RAW DATA:

———

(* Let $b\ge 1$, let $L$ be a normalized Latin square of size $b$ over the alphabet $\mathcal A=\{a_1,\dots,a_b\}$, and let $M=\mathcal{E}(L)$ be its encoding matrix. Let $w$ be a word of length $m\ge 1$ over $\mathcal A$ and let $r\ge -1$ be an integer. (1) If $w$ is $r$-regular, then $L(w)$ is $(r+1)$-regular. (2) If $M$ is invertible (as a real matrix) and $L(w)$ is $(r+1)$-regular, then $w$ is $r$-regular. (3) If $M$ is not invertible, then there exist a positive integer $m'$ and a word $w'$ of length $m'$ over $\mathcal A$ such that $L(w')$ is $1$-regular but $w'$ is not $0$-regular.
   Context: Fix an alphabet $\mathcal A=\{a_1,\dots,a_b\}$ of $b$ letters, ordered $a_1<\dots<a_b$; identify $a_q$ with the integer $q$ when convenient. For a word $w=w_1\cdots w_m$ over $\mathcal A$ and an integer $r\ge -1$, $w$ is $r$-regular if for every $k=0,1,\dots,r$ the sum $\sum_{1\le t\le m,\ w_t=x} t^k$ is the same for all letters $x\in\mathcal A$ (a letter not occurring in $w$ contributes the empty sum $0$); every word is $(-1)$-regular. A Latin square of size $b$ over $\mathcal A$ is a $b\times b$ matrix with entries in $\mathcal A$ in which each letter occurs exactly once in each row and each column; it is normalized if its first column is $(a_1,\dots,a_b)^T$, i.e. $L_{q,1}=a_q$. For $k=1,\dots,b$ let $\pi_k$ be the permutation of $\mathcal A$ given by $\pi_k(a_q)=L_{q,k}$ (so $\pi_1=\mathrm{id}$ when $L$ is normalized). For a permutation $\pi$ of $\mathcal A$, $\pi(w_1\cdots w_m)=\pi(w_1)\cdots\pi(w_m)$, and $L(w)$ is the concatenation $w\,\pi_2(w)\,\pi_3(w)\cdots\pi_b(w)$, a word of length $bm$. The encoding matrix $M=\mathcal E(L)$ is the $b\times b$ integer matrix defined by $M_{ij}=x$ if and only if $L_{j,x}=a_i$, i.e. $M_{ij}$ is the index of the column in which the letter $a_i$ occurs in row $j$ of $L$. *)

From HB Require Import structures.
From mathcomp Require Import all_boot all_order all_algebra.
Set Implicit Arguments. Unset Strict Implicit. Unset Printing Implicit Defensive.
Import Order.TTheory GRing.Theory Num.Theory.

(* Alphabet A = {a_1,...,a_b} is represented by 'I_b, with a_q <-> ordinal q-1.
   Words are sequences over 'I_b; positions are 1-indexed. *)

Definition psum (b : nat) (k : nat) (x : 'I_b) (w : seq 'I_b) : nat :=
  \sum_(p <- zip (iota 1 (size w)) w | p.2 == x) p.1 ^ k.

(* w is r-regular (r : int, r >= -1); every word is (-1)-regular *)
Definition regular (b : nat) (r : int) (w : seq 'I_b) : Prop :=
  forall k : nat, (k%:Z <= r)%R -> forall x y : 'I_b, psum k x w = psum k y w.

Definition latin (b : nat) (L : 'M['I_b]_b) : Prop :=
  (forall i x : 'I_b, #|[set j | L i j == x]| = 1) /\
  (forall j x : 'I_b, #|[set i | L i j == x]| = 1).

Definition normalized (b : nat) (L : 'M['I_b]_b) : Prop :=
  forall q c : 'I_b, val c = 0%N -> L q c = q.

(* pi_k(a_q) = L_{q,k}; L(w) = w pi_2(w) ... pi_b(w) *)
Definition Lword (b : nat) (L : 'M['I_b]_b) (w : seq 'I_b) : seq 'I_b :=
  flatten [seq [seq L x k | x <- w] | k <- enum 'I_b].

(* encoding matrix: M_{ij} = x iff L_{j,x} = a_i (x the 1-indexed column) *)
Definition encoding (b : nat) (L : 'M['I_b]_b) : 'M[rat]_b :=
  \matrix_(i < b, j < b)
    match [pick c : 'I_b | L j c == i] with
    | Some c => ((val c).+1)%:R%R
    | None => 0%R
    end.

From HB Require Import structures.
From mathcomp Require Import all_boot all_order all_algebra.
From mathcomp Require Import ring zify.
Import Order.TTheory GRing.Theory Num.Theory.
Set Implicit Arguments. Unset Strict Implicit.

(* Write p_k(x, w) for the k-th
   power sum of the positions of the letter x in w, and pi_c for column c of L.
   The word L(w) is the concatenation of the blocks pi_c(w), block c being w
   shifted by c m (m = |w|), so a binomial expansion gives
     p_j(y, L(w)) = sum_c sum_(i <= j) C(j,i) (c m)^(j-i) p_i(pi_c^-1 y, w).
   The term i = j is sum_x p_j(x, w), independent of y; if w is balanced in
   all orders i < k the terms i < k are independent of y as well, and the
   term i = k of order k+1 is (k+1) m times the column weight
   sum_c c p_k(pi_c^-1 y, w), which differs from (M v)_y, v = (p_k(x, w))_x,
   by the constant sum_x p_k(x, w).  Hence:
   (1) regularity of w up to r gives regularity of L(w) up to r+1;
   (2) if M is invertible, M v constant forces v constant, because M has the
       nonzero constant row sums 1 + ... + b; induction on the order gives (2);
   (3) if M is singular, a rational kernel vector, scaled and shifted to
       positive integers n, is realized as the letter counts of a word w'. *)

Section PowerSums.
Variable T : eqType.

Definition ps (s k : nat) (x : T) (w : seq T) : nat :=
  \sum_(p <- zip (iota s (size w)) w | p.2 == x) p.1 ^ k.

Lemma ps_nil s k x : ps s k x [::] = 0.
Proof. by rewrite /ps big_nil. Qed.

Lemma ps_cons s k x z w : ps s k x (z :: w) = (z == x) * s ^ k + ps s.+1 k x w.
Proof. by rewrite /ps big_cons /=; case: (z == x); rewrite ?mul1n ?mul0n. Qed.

———

EXERCISE DESCRIPTION: Beginning at the top of the entries above, output each line exactly, and end with the line in which "Words are sequences" appears.

RESULT FOR THIS EXERCISE:
(* Let $b\ge 1$, let $L$ be a normalized Latin square of size $b$ over the alphabet $\mathcal A=\{a_1,\dots,a_b\}$, and let $M=\mathcal{E}(L)$ be its encoding matrix. Let $w$ be a word of length $m\ge 1$ over $\mathcal A$ and let $r\ge -1$ be an integer. (1) If $w$ is $r$-regular, then $L(w)$ is $(r+1)$-regular. (2) If $M$ is invertible (as a real matrix) and $L(w)$ is $(r+1)$-regular, then $w$ is $r$-regular. (3) If $M$ is not invertible, then there exist a positive integer $m'$ and a word $w'$ of length $m'$ over $\mathcal A$ such that $L(w')$ is $1$-regular but $w'$ is not $0$-regular.
   Context: Fix an alphabet $\mathcal A=\{a_1,\dots,a_b\}$ of $b$ letters, ordered $a_1<\dots<a_b$; identify $a_q$ with the integer $q$ when convenient. For a word $w=w_1\cdots w_m$ over $\mathcal A$ and an integer $r\ge -1$, $w$ is $r$-regular if for every $k=0,1,\dots,r$ the sum $\sum_{1\le t\le m,\ w_t=x} t^k$ is the same for all letters $x\in\mathcal A$ (a letter not occurring in $w$ contributes the empty sum $0$); every word is $(-1)$-regular. A Latin square of size $b$ over $\mathcal A$ is a $b\times b$ matrix with entries in $\mathcal A$ in which each letter occurs exactly once in each row and each column; it is normalized if its first column is $(a_1,\dots,a_b)^T$, i.e. $L_{q,1}=a_q$. For $k=1,\dots,b$ let $\pi_k$ be the permutation of $\mathcal A$ given by $\pi_k(a_q)=L_{q,k}$ (so $\pi_1=\mathrm{id}$ when $L$ is normalized). For a permutation $\pi$ of $\mathcal A$, $\pi(w_1\cdots w_m)=\pi(w_1)\cdots\pi(w_m)$, and $L(w)$ is the concatenation $w\,\pi_2(w)\,\pi_3(w)\cdots\pi_b(w)$, a word of length $bm$. The encoding matrix $M=\mathcal E(L)$ is the $b\times b$ integer matrix defined by $M_{ij}=x$ if and only if $L_{j,x}=a_i$, i.e. $M_{ij}$ is the index of the column in which the letter $a_i$ occurs in row $j$ of $L$. *)

From HB Require Import structures.
From mathcomp Require Import all_boot all_order all_algebra.
Set Implicit Arguments. Unset Strict Implicit. Unset Printing Implicit Defensive.
Import Order.TTheory GRing.Theory Num.Theory.

(* Alphabet A = {a_1,...,a_b} is represented by 'I_b, with a_q <-> ordinal q-1.
   Words are sequences over 'I_b; positions are 1-indexed. *)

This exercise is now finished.